Take the entries that follow and return exactly the lines from the one holding "apply (HM s Hs)." through the one holding "pose proof (Rabs_le_inv _ _ (Hlip x", both included. Nothing else is needed.

[Stored data]
----
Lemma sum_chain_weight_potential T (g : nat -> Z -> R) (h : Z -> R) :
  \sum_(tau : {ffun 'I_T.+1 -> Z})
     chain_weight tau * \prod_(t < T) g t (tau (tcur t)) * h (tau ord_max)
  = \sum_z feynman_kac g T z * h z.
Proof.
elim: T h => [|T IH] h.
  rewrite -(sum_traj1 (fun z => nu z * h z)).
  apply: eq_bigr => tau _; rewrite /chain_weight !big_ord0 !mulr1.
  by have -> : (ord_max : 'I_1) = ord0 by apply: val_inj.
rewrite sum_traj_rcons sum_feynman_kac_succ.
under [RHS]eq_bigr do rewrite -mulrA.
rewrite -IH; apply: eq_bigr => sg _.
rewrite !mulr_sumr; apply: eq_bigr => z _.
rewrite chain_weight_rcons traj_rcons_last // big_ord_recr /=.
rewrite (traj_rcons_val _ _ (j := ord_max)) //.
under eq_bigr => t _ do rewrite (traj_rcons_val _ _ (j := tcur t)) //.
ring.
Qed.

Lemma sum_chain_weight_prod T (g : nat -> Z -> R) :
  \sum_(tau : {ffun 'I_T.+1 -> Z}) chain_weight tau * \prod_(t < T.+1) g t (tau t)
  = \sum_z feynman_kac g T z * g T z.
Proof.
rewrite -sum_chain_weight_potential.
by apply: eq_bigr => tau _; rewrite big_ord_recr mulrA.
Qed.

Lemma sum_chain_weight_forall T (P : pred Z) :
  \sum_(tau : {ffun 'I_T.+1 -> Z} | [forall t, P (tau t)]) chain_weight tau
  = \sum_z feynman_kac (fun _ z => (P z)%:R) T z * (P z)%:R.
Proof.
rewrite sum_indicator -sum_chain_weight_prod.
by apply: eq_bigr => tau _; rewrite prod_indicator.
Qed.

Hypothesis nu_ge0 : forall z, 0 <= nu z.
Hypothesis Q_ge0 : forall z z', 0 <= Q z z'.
----
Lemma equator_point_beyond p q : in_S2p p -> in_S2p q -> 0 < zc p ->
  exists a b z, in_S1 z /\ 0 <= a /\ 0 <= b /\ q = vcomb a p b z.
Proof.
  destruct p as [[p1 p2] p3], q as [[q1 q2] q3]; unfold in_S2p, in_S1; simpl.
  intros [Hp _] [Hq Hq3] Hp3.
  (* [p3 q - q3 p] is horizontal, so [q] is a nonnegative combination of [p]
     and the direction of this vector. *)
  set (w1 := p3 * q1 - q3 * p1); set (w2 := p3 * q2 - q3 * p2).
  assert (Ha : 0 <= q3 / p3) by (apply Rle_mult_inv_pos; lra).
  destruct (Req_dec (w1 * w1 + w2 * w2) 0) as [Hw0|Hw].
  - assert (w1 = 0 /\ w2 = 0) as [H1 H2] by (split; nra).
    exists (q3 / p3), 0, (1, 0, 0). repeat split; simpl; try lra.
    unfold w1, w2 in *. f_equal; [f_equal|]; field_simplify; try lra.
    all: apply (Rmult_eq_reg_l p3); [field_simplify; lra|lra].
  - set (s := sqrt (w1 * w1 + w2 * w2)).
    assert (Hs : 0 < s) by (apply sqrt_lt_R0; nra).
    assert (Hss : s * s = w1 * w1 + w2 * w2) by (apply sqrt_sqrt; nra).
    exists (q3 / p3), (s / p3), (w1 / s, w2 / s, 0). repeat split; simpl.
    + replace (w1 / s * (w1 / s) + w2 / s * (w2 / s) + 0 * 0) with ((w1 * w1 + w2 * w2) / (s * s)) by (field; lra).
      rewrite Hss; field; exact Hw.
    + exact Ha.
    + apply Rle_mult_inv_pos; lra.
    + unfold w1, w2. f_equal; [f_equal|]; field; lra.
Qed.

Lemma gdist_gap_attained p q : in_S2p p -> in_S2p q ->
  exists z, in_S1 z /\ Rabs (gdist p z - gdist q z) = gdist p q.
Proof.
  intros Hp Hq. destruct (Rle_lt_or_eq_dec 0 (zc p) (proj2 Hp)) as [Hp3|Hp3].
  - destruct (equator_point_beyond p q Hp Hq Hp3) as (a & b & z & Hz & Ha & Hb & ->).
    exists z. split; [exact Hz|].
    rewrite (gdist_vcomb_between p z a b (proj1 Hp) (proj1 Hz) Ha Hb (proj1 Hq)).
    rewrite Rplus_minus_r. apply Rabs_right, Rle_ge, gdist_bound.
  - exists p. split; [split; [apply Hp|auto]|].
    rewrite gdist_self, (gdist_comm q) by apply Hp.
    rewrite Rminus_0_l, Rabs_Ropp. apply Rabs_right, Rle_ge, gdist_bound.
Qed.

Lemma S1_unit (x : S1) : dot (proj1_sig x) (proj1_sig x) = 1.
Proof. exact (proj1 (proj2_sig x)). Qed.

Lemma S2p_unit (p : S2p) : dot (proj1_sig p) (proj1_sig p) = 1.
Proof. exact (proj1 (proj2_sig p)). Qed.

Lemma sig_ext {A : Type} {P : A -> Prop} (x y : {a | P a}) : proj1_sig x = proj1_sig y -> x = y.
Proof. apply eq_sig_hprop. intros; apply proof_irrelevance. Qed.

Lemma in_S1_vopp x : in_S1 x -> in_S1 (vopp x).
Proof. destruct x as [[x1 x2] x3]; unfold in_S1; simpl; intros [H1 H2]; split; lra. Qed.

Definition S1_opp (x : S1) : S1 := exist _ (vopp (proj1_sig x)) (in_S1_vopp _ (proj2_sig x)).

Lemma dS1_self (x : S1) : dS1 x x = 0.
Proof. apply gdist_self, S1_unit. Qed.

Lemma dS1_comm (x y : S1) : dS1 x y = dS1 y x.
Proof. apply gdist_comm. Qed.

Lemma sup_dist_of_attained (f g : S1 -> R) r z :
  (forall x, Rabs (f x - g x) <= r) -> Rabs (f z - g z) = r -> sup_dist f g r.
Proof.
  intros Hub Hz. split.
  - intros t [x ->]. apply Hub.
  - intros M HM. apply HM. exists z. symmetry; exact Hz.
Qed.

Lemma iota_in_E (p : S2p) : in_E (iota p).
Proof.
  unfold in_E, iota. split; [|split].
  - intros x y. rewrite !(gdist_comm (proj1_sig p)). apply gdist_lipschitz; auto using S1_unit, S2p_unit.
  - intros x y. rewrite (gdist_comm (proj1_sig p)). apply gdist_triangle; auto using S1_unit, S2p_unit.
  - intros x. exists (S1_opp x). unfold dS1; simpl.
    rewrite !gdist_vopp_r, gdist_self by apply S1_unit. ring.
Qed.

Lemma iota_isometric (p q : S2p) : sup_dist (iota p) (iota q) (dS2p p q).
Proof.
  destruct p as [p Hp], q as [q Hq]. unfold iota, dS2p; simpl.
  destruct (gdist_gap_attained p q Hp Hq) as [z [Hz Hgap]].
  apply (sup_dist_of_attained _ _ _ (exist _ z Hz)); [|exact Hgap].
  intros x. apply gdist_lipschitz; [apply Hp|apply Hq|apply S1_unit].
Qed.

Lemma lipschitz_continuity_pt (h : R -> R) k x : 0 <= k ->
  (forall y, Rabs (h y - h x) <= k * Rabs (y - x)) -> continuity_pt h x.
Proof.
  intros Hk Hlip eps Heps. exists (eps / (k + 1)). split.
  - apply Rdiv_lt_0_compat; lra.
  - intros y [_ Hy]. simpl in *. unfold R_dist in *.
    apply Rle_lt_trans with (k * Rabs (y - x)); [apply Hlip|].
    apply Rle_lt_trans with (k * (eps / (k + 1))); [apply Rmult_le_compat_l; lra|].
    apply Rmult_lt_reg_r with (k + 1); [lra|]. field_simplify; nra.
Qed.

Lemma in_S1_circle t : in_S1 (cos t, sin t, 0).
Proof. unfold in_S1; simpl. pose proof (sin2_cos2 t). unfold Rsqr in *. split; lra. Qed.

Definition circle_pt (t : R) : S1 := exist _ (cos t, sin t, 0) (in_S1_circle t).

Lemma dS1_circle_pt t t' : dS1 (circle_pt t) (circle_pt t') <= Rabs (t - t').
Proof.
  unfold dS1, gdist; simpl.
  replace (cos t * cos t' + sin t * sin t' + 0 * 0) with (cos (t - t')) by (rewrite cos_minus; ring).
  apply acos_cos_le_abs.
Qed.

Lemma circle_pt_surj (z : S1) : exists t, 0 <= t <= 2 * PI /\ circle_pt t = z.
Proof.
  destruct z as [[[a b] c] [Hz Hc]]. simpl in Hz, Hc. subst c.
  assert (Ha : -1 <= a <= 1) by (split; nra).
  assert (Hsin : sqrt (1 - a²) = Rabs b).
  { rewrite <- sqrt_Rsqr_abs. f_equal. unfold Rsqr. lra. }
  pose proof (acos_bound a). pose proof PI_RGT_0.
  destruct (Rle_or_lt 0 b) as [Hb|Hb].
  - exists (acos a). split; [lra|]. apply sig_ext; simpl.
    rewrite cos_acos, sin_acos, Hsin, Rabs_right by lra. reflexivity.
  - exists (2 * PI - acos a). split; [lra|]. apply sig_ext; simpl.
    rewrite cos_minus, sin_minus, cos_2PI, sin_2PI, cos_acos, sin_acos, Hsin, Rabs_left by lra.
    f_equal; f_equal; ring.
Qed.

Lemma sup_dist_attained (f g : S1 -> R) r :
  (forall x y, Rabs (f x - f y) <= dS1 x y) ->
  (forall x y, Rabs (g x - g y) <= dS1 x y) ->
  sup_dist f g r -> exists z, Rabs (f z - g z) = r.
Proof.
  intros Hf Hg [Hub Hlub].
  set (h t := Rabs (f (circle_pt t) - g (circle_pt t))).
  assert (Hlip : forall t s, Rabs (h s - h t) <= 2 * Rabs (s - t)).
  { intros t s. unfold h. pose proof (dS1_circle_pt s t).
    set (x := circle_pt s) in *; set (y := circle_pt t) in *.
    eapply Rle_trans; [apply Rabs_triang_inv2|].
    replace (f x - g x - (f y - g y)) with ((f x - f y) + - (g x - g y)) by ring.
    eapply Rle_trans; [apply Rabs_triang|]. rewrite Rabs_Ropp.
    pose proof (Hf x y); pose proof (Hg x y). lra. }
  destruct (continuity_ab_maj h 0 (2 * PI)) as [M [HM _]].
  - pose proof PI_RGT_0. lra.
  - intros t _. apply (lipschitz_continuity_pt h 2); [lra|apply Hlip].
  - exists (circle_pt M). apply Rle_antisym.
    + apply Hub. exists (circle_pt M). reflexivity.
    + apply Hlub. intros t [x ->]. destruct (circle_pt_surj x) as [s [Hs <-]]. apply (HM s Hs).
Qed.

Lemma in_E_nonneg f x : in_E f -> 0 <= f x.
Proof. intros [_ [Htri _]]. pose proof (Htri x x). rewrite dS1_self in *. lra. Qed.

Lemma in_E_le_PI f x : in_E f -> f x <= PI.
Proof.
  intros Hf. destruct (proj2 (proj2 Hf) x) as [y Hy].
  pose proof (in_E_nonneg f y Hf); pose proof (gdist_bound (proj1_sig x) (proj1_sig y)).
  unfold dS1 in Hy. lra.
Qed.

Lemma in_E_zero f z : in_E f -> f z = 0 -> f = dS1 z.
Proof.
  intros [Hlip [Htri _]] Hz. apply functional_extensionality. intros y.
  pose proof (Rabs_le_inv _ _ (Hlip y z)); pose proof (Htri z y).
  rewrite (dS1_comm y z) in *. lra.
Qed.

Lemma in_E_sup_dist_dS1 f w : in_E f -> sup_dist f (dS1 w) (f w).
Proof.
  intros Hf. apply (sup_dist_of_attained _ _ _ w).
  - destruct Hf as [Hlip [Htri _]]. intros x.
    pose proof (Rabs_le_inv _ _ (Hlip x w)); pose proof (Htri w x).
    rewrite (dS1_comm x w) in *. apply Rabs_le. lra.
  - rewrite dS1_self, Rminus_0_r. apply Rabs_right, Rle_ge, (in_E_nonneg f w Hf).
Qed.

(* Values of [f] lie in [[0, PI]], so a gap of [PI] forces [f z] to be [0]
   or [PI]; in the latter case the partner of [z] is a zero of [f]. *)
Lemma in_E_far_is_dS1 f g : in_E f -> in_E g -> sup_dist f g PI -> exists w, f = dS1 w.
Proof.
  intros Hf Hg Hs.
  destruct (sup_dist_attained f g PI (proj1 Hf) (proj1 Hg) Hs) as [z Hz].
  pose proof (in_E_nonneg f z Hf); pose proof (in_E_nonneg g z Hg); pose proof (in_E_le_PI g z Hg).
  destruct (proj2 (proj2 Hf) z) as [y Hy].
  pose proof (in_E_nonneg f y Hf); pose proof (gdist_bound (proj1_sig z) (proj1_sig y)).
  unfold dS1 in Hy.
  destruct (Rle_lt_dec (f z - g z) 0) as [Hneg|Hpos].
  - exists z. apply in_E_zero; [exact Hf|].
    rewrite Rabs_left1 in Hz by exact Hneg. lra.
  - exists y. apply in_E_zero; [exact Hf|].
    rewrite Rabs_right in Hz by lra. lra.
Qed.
----
▶ Exercise result
    + apply Hlub. intros t [x ->]. destruct (circle_pt_surj x) as [s [Hs <-]]. apply (HM s Hs).
Qed.

Lemma in_E_nonneg f x : in_E f -> 0 <= f x.
Proof. intros [_ [Htri _]]. pose proof (Htri x x). rewrite dS1_self in *. lra. Qed.

Lemma in_E_le_PI f x : in_E f -> f x <= PI.
Proof.
  intros Hf. destruct (proj2 (proj2 Hf) x) as [y Hy].
  pose proof (in_E_nonneg f y Hf); pose proof (gdist_bound (proj1_sig x) (proj1_sig y)).
  unfold dS1 in Hy. lra.
Qed.

Lemma in_E_zero f z : in_E f -> f z = 0 -> f = dS1 z.
Proof.
  intros [Hlip [Htri _]] Hz. apply functional_extensionality. intros y.
  pose proof (Rabs_le_inv _ _ (Hlip y z)); pose proof (Htri z y).
  rewrite (dS1_comm y z) in *. lra.
Qed.

Lemma in_E_sup_dist_dS1 f w : in_E f -> sup_dist f (dS1 w) (f w).
Proof.
  intros Hf. apply (sup_dist_of_attained _ _ _ w).
  - destruct Hf as [Hlip [Htri _]]. intros x.
    pose proof (Rabs_le_inv _ _ (Hlip x w)); pose proof (Htri w x).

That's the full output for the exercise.